▸ **Your task**
Set down the final part of the listing, which starts at the line containing "split; first by move=> a b c; rewrite pr_plA." and runs to the last line, exactly and completely.

▸ **Data for this task**
Lemma r_cst_le_iff a b : r (cst a) <= r (cst b) <-> a <= b.
Proof.
  split; intros H.
  - destruct (Rlt_or_le b a) as [Hba|]; auto.
    pose proof (r_cst_lt b a Hba); lra.
  - destruct H as [H| ->]; [apply Rlt_le, r_cst_lt, H | apply Rle_refl].
Qed.

Lemma r_cst_inj a b : r (cst a) = r (cst b) -> a = b.
Proof.
  intros H; apply Rle_antisym; apply r_cst_le_iff; rewrite H; apply Rle_refl.
Qed.

Definition shift (X : Omega -> R) (t : R) : Omega -> R := fun w => X w + t.

Lemma XA_shift X t : XA A X -> XA A (shift X t).
Proof. apply (XA_comp_increasing A HA X (fun x => x + t)); intros; lra. Qed.

Lemma shiftK X t : shift (shift X t) (- t) = X.
Proof. apply functional_extensionality; intros w; unfold shift; ring. Qed.

Lemma r_shift_le X Y t : XA A X -> XA A Y ->
  r X <= r Y -> r (shift X t) <= r (shift Y t).
Proof.
  intros HX HY HXY; apply Hr; try apply XA_shift; auto.
  apply (Hinv X Y HX HY _ (incr_cont_shift t)), Hr; auto.
Qed.

Lemma r_shift_lt X Y t : XA A X -> XA A Y ->
  r X < r Y -> r (shift X t) < r (shift Y t).
Proof.
  intros HX HY HXY.
  destruct (Rlt_or_le (r (shift X t)) (r (shift Y t))) as [|HYX]; auto.
  apply (r_shift_le _ _ (- t)) in HYX; try apply XA_shift; auto.
  rewrite !shiftK in HYX; lra.
Qed.

Lemma no_shift_gap X Y : XA A X -> XA A Y -> r X < r Y ->
  ~ (forall t t', t < t' -> r (shift Y t) <= r (shift X t')).
Proof.
  intros HX HY HXY Hsep.
  apply (no_R_indexed_disjoint_intervals (fun t => r (shift X t)) (fun t => r (shift Y t))).
  - intros t; apply r_shift_lt; auto.
  - exact Hsep.
Qed.

Lemma r_lt_cst_of_upper_bound X M c :
  XA A X -> (forall w, X w <= M) -> M < c -> r X < r (cst c).
Proof.
  intros HX HXM HMc.
  destruct (Rlt_or_le (r X) (r (cst c))) as [|HcX]; auto; exfalso.
  apply Hr in HcX; auto.
  apply (Hinv _ _ (XA_cst A HA c) HX _ (incr_cont_Rmax_r M)) in HcX.
  replace (fun w => Rmax (X w) M) with (@cst Omega M) in HcX
    by (apply functional_extensionality; intros w; symmetry; apply Rmax_right, HXM).
  change (le (cst (Rmax c M)) (cst M)) in HcX.
  rewrite Rmax_left in HcX by lra.
  apply Hr in HcX; auto.
  pose proof (r_cst_lt M c HMc); lra.
Qed.

Lemma r_cst_lt_of_lower_bound X M c :
  XA A X -> (forall w, M <= X w) -> c < M -> r (cst c) < r X.
Proof.
  intros HX HXM HcM.
  destruct (Rlt_or_le (r (cst c)) (r X)) as [|HXc]; auto; exfalso.
  apply Hr in HXc; auto.
  apply (Hinv _ _ HX (XA_cst A HA c) _ (incr_cont_Rmin_r M)) in HXc.
  replace (fun w => Rmin (X w) M) with (@cst Omega M) in HXc
    by (apply functional_extensionality; intros w; symmetry; apply Rmin_right, HXM).
  change (le (cst M) (cst (Rmin c M))) in HXc.
  rewrite Rmin_left in HXc by lra.
  apply Hr in HXc; auto.
  pose proof (r_cst_lt c M HcM); lra.
Qed.

Lemma constants_below_bounded X : XA A X ->
  exists m M, r (cst m) <= r X /\ forall c, r (cst c) <= r X -> c <= M.
Proof.
  intros HX; pose proof HX as [_ [M HM]].
  assert (HXM : forall w, - M <= X w <= M) by (intros w; apply Rabs_le_inv, HM).
  exists (- M - 1), M; split.
  - apply Rlt_le, (r_cst_lt_of_lower_bound X (- M)); auto; [| lra].
    intros w; apply HXM.
  - intros c Hc; destruct (Rlt_or_le M c) as [HMc|]; auto.
    pose proof (r_lt_cst_of_upper_bound X M c HX (fun w => proj2 (HXM w)) HMc); lra.
Qed.
(* Let $n$ be a positive integer and let $p>n+1$ be a prime. Define the polynomial $$F_n(x)=\sum_{0<i_1<\cdots<i_n<p}\frac{x^{i_1}}{i_1\cdots i_n}\in\mathbb{Z}_p[x],$$ where the sum ranges over integers $i_1,\dots,i_n$. Then $$F_n(1-x)\equiv(-1)^{n-1}F_n(x)\pmod p,$$ i.e., every coefficient of the polynomial $F_n(1-x)-(-1)^{n-1}F_n(x)$ is divisible by $p$ in $\mathbb{Z}_p$.
   Context: $\mathbb{Z}_p$ denotes the ring of $p$-adic integers (the integral ring of the $p$-adic field $\mathbb{Q}_p$); the coefficients $1/(i_1\cdots i_n)$ lie in $\mathbb{Z}_p$ since each $i_j<p$. *)

From mathcomp Require Import all_boot all_order all_algebra.
Set Implicit Arguments. Unset Strict Implicit. Unset Printing Implicit Defensive.
Import Order.TTheory GRing.Theory Num.Theory.
Local Open Scope ring_scope.

(* The index tuple (i_1,...,i_n) is
   t : n.-tuple 'I_p with 0 < i_1 < ... < i_n (strictly increasing). *)
Definition Fn (n p : nat) : {poly rat} :=
  \sum_(t : n.-tuple 'I_p | sorted ltn (0%N :: [seq val j | j <- t]))
     ((\prod_(j <- t) ((val j)%:R : rat))^-1 *: 'X^(nth 0%N [seq val j | j <- t] 0)).

(* A rational number lies in Z_p (i.e. in Z_p ∩ Q = Z_(p)) iff p does not
   divide its (reduced) denominator. *)
Definition p_integral (p : nat) (q : rat) : bool := ~~ ((p%:Z) %| denq q)%Z.

Definition p_divisible (p : nat) (c : rat) : Prop :=
  exists d : rat, p_integral p d /\ c = p%:R * d.

(* Over a field of characteristic p, write e_k(m) for the
   elementary symmetric functions of 1/(m+1), ..., 1/(p-1).  The polynomial
   prod_(0<j<p) (1 + X/j) equals 1 - X^(p-1), as their difference has degree
   below p and vanishes at all p residues; hence e_k(0) = 0 for 0 < k < p-1.  Differentiating coefficientwise
   gives X (X - 1) F_(n+1)' = F_n for 0 < n < p-1 (and X^p - X for n = 0).
   As X (X - 1) is invariant under X -> 1 - X, induction on n shows that
   F_n(1 - X) + (-1)^n F_n has zero derivative and vanishes at 0; having degree
   below p, it is zero.  The congruence over Z_(p) is then read off from the
   identity in F_p by reducing coefficients modulo p. *)

From mathcomp Require Import all_boot all_order all_algebra.
From mathcomp Require Import ring.
Set Implicit Arguments. Unset Strict Implicit. Unset Printing Implicit Defensive.
Import Order.TTheory GRing.Theory Num.Theory.
Local Open Scope ring_scope.

Lemma big_tuple_cons (R : Type) (idx : R) (op : Monoid.com_law idx)
    (T : finType) n (P : pred (n.+1.-tuple T)) (G : n.+1.-tuple T -> R) :
  \big[op/idx]_(t : n.+1.-tuple T | P t) G t =
  \big[op/idx]_(h : T) \big[op/idx]_(t : n.-tuple T | P [tuple of h :: t])
      G [tuple of h :: t].
Proof.
rewrite pair_big_dep /=.
rewrite (reindex (fun u : T * n.-tuple T => [tuple of u.1 :: u.2])) /=.
  by apply: eq_bigl => -[h t].
exists (fun t => (thead t, [tuple of behead t])) => [[h t] _|t _] /=.
  by congr pair; apply: val_inj.
by rewrite -tuple_eta.
Qed.
(* Let $(D,\prec,\succ,d)$ be a differential dendriform algebra of weight zero. Define, for $a,b\in D$, $$a\searrow b:=d(a)\succ b,\quad a\nearrow b:=a\succ d(b),\quad a\swarrow b:=d(a)\prec b,\quad a\nwarrow b:=a\prec d(b).$$ Then $(D,\searrow,\nearrow,\swarrow,\nwarrow)$ is a Novikov-dendriform algebra. Moreover, with $$a\vdash b:=a\searrow b+a\swarrow b=d(a)\succ b+d(a)\prec b,\qquad a\dashv b:=a\nearrow b+a\nwarrow b=a\succ d(b)+a\prec d(b),$$ the triple $(D,\vdash,\dashv)$ is a Novikov-associative algebra.
   Context: $\mathbf{k}$ is a commutative unital ring. A dendriform algebra is a $\mathbf{k}$-module $D$ with bilinear operations $\prec,\succ$ such that for all $a,b,c\in D$: $(a\prec b)\prec c=a\prec(b\prec c+b\succ c)$, $(a\succ b)\prec c=a\succ(b\prec c)$, $(a\prec b+a\succ b)\succ c=a\succ(b\succ c)$. A derivation of weight $\lambda$ on it is a linear map $d$ with $d(a\prec b)=d(a)\prec b+a\prec d(b)+\lambda d(a)\prec d(b)$ and $d(a\succ b)=d(a)\succ b+a\succ d(b)+\lambda d(a)\succ d(b)$ for all $a,b$; then $(D,\prec,\succ,d)$ is a differential dendriform algebra of weight $\lambda$. A Novikov-dendriform algebra is a $\mathbf{k}$-module $N$ with four bilinear operations $\searrow,\nearrow,\swarrow,\nwarrow$ such that for all $a,b,c\in N$: (i) $(a\swarrow b)\nwarrow c=a\swarrow(b\nearrow c+b\nwarrow c)$; (ii) $(a\searrow b)\nwarrow c=a\searrow(b\nwarrow c)$; (iii) $(a\searrow b+a\swarrow b)\nearrow c=a\searrow(b\nearrow c)$; (iv) $(a\nwarrow b)\nwarrow c-a\nwarrow(b\searrow c+b\swarrow c)=a\swarrow(b\searrow c+b\swarrow c)-(a\nwarrow b)\swarrow c$; (v) $(a\nearrow b)\nwarrow c-a\nearrow(b\swarrow c)=a\searrow(b\swarrow c)-(a\nearrow b)\swarrow c$; (vi) $(a\nearrow b+a\nwarrow b)\nearrow c-a\nearrow(b\searrow c)=a\searrow(b\searrow c)-(a\nearrow b+a\nwarrow b)\searrow c$. A Novikov-associative algebra is a $\mathbf{k}$-module $A$ with bilinear operations $\vdash,\dashv$ such that for all $a,b,c$: $(a\vdash b)\dashv c=a\vdash(b\dashv c)$ and $(a\dashv b)\dashv c-a\dashv(b\vdash c)=a\vdash(b\vdash c)-(a\dashv b)\vdash c$. *)

From mathcomp Require Import all_boot all_algebra.
Set Implicit Arguments. Unset Strict Implicit. Unset Printing Implicit Defensive.
Import GRing.Theory.
Local Open Scope ring_scope.

Definition bilinear_op (k : comPzRingType) (D : lmodType k) (op : D -> D -> D) : Prop :=
  (forall c a a' b, op (c *: a + a') b = c *: op a b + op a' b) /\
  (forall c a b b', op a (c *: b + b') = c *: op a b + op a b').

Definition dendriform (k : comPzRingType) (D : lmodType k) (pl pr : D -> D -> D) : Prop :=
  bilinear_op pl /\ bilinear_op pr /\
  (forall a b c, pl (pl a b) c = pl a (pl b c + pr b c)) /\
  (forall a b c, pl (pr a b) c = pr a (pl b c)) /\
  (forall a b c, pr (pl a b + pr a b) c = pr a (pr b c)).

Definition dend_derivation (k : comPzRingType) (D : lmodType k) (lam : k)
    (pl pr : D -> D -> D) (d : {linear D -> D}) : Prop :=
  (forall a b, d (pl a b) = pl (d a) b + pl a (d b) + lam *: pl (d a) (d b)) /\
  (forall a b, d (pr a b) = pr (d a) b + pr a (d b) + lam *: pr (d a) (d b)).

Definition differential_dendriform (k : comPzRingType) (D : lmodType k) (lam : k)
    (pl pr : D -> D -> D) (d : {linear D -> D}) : Prop :=
  dendriform pl pr /\ dend_derivation lam pl pr d.

(* se = searrow, ne = nearrow, sw = swarrow, nw = nwarrow *)
Definition novikov_dendriform (k : comPzRingType) (D : lmodType k)
    (se ne sw nw : D -> D -> D) : Prop :=
  bilinear_op se /\ bilinear_op ne /\ bilinear_op sw /\ bilinear_op nw /\
  (forall a b c, nw (sw a b) c = sw a (ne b c + nw b c)) /\
  (forall a b c, nw (se a b) c = se a (nw b c)) /\
  (forall a b c, ne (se a b + sw a b) c = se a (ne b c)) /\
  (forall a b c, nw (nw a b) c - nw a (se b c + sw b c)
                 = sw a (se b c + sw b c) - sw (nw a b) c) /\
  (forall a b c, nw (ne a b) c - ne a (sw b c) = se a (sw b c) - sw (ne a b) c) /\
  (forall a b c, ne (ne a b + nw a b) c - ne a (se b c)
                 = se a (se b c) - se (ne a b + nw a b) c).

(* vd = vdash, da = dashv *)
Definition novikov_associative (k : comPzRingType) (D : lmodType k)
    (vd da : D -> D -> D) : Prop :=
  bilinear_op vd /\ bilinear_op da /\
  (forall a b c, da (vd a b) c = vd a (da b c)) /\
  (forall a b c, da (da a b) c - da a (vd b c) = vd a (vd b c) - vd (da a b) c).

From mathcomp Require Import all_boot all_algebra.
Set Implicit Arguments. Unset Strict Implicit. Unset Printing Implicit Defensive.
Import GRing.Theory.
Local Open Scope ring_scope.

(* For a derivation of weight zero, each of the four new products moves d
   onto one factor of ≺ or ≻, so axioms (i)-(iii) are the dendriform axioms
   themselves.  In (iv)-(vi) the Leibniz rule (also valid for the associative
   product x ∗ y = x ≺ y + x ≻ y) expands d of a product, and the dendriform
   axioms collapse both sides to the same term, e.g. -(a ≺ (d (d b) ∗ c)) in
   (iv).  The Novikov-associative structure exists on every
   Novikov-dendriform algebra: ⊢ = ↘ + ↙ and ⊣ = ↗ + ↖ satisfy the first
   axiom by (i)-(iii), and the second is the sum of (iv), (v) and (vi). *)

Section BilinearOp.
Variables (k : comPzRingType) (D : lmodType k).
Implicit Types op : D -> D -> D.

Lemma bilinear_opDl op :
  bilinear_op op -> forall a a' b, op (a + a') b = op a b + op a' b.
Proof. by move=> [opl _] a a' b; have := opl 1 a a' b; rewrite !scale1r. Qed.

Lemma bilinear_opDr op :
  bilinear_op op -> forall a b b', op a (b + b') = op a b + op a b'.
Proof. by move=> [_ opr] a b b'; have := opr 1 a b b'; rewrite !scale1r. Qed.

Lemma bilinear_opD op1 op2 : bilinear_op op1 -> bilinear_op op2 ->
  bilinear_op (fun a b => op1 a b + op2 a b).
Proof.
move=> [op1l op1r] [op2l op2r].
by split=> *; rewrite ?op1l ?op1r ?op2l ?op2r scalerDr addrACA.
Qed.

Lemma bilinear_op_linl op (f : {linear D -> D}) : bilinear_op op ->
  bilinear_op (fun a b => op (f a) b).
Proof. by move=> [opl opr]; split=> *; rewrite ?linearP ?opl ?opr. Qed.

Lemma bilinear_op_linr op (f : {linear D -> D}) : bilinear_op op ->
  bilinear_op (fun a b => op a (f b)).
Proof. by move=> [opl opr]; split=> *; rewrite ?linearP ?opl ?opr. Qed.

End BilinearOp.

Lemma novikov_dendriform_associative (k : comPzRingType) (D : lmodType k)
    (se ne sw nw : D -> D -> D) :
  novikov_dendriform se ne sw nw ->
  novikov_associative (fun a b => se a b + sw a b) (fun a b => ne a b + nw a b).
Proof.
move=> [seB [neB [swB [nwB [ax1 [ax2 [ax3 [ax4 [ax5 ax6]]]]]]]]].
split; [exact: bilinear_opD | split; [exact: bilinear_opD | split]] => a b c.
  by rewrite ax3 (bilinear_opDl nwB) ax2 ax1 addrA -(bilinear_opDr seB).
transitivity ((ne (ne a b + nw a b) c - ne a (se b c))
              + (nw (ne a b) c - ne a (sw b c))
              + (nw (nw a b) c - nw a (se b c + sw b c))).
  rewrite (bilinear_opDl nwB) (bilinear_opDr neB) !opprD !addrA.
  by rewrite (ACl (1*4*2*5*3*6)).
rewrite ax4 ax5 ax6 (bilinear_opDr seB) (bilinear_opDl swB) !opprD !addrA.
by rewrite (ACl (1*3*5*2*4*6)).
Qed.

Section WeightZeroDifferentialDendriform.
Variables (k : comPzRingType) (D : lmodType k) (pl pr : D -> D -> D).
Variable d : {linear D -> D}.
Hypotheses (pl_bilinear : bilinear_op pl) (pr_bilinear : bilinear_op pr).
Hypothesis pl_plA : forall a b c, pl (pl a b) c = pl a (pl b c + pr b c).
Hypothesis pr_plA : forall a b c, pl (pr a b) c = pr a (pl b c).
Hypothesis pr_prA : forall a b c, pr (pl a b + pr a b) c = pr a (pr b c).
Hypothesis d_pl : forall a b, d (pl a b) = pl (d a) b + pl a (d b).
Hypothesis d_pr : forall a b, d (pr a b) = pr (d a) b + pr a (d b).

Let plDl := bilinear_opDl pl_bilinear.
Let plDr := bilinear_opDr pl_bilinear.
Let prDl := bilinear_opDl pr_bilinear.
Let prDr := bilinear_opDr pr_bilinear.

Local Notation mul a b := (pl a b + pr a b).

Let d_mul a b : d (mul a b) = mul (d a) b + mul a (d b).
Proof. by rewrite linearD d_pl d_pr addrACA. Qed.

Lemma derivation_novikov_iv a b c :
  pl (pl a (d b)) (d c) - pl a (d (pr (d b) c + pl (d b) c))
  = pl (d a) (pr (d b) c + pl (d b) c) - pl (d (pl a (d b))) c.
Proof.
rewrite [pr _ c + _]addrC d_mul plDr d_pl plDl !pl_plA.
by rewrite !opprD addrCA subrr addr0 addrA subrr add0r.
Qed.

Lemma derivation_novikov_v a b c :
  pl (pr a (d b)) (d c) - pr a (d (pl (d b) c))
  = pr (d a) (pl (d b) c) - pl (d (pr a (d b))) c.
Proof.
rewrite d_pl prDr d_pr plDl !pr_plA.
by rewrite !opprD addrCA subrr addr0 addrA subrr add0r.
Qed.

Lemma derivation_novikov_vi a b c :
  pr (pr a (d b) + pl a (d b)) (d c) - pr a (d (pr (d b) c))
  = pr (d a) (pr (d b) c) - pr (d (pr a (d b) + pl a (d b))) c.
Proof.
rewrite [pr a _ + _]addrC d_pr prDr d_mul prDl !pr_prA.
by rewrite !opprD addrCA subrr addr0 addrA subrr add0r.
Qed.

Lemma derivation_novikov_dendriform :
  novikov_dendriform (fun a b => pr (d a) b) (fun a b => pr a (d b))
                     (fun a b => pl (d a) b) (fun a b => pl a (d b)).
Proof.
do 4 (split; first by [apply: bilinear_op_linl | apply: bilinear_op_linr]).
split; first by move=> a b c; rewrite pl_plA addrC.
split; first by move=> a b c; rewrite pr_plA.
split; first by move=> a b c; rewrite addrC pr_prA.
split; [exact: derivation_novikov_iv | split; [exact: derivation_novikov_v |]].
exact: derivation_novikov_vi.
Qed.

End WeightZeroDifferentialDendriform.

Theorem proposition3p12 (k : comPzRingType) (D : lmodType k)
    (pl pr : D -> D -> D) (d : {linear D -> D}) :
  differential_dendriform 0 pl pr d ->
  novikov_dendriform (fun a b => pr (d a) b) (fun a b => pr a (d b))
                     (fun a b => pl (d a) b) (fun a b => pl a (d b)) /\
  novikov_associative (fun a b => pr (d a) b + pl (d a) b)
                      (fun a b => pr a (d b) + pl a (d b)).
Proof.
move=> [[plB [prB [pl_plA [pr_plA pr_prA]]]] [d_pl d_pr]].
have d_pl0 a b : d (pl a b) = pl (d a) b + pl a (d b).
  by rewrite d_pl scale0r addr0.
have d_pr0 a b : d (pr a b) = pr (d a) b + pr a (d b).
  by rewrite d_pr scale0r addr0.
have ND := derivation_novikov_dendriform plB prB pl_plA pr_plA pr_prA d_pl0 d_pr0.
by split; last exact: novikov_dendriform_associative.
Qed.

▸ **Response for this exercise**
split; first by move=> a b c; rewrite pr_plA.
split; first by move=> a b c; rewrite addrC pr_prA.
split; [exact: derivation_novikov_iv | split; [exact: derivation_novikov_v |]].
exact: derivation_novikov_vi.
Qed.

End WeightZeroDifferentialDendriform.

Theorem proposition3p12 (k : comPzRingType) (D : lmodType k)
    (pl pr : D -> D -> D) (d : {linear D -> D}) :
  differential_dendriform 0 pl pr d ->
  novikov_dendriform (fun a b => pr (d a) b) (fun a b => pr a (d b))
                     (fun a b => pl (d a) b) (fun a b => pl a (d b)) /\
  novikov_associative (fun a b => pr (d a) b + pl (d a) b)
                      (fun a b => pr a (d b) + pl a (d b)).
Proof.
move=> [[plB [prB [pl_plA [pr_plA pr_prA]]]] [d_pl d_pr]].
have d_pl0 a b : d (pl a b) = pl (d a) b + pl a (d b).
  by rewrite d_pl scale0r addr0.
have d_pr0 a b : d (pr a b) = pr (d a) b + pr a (d b).
  by rewrite d_pr scale0r addr0.
have ND := derivation_novikov_dendriform plB prB pl_plA pr_plA pr_prA d_pl0 d_pr0.
by split; last exact: novikov_dendriform_associative.
Qed.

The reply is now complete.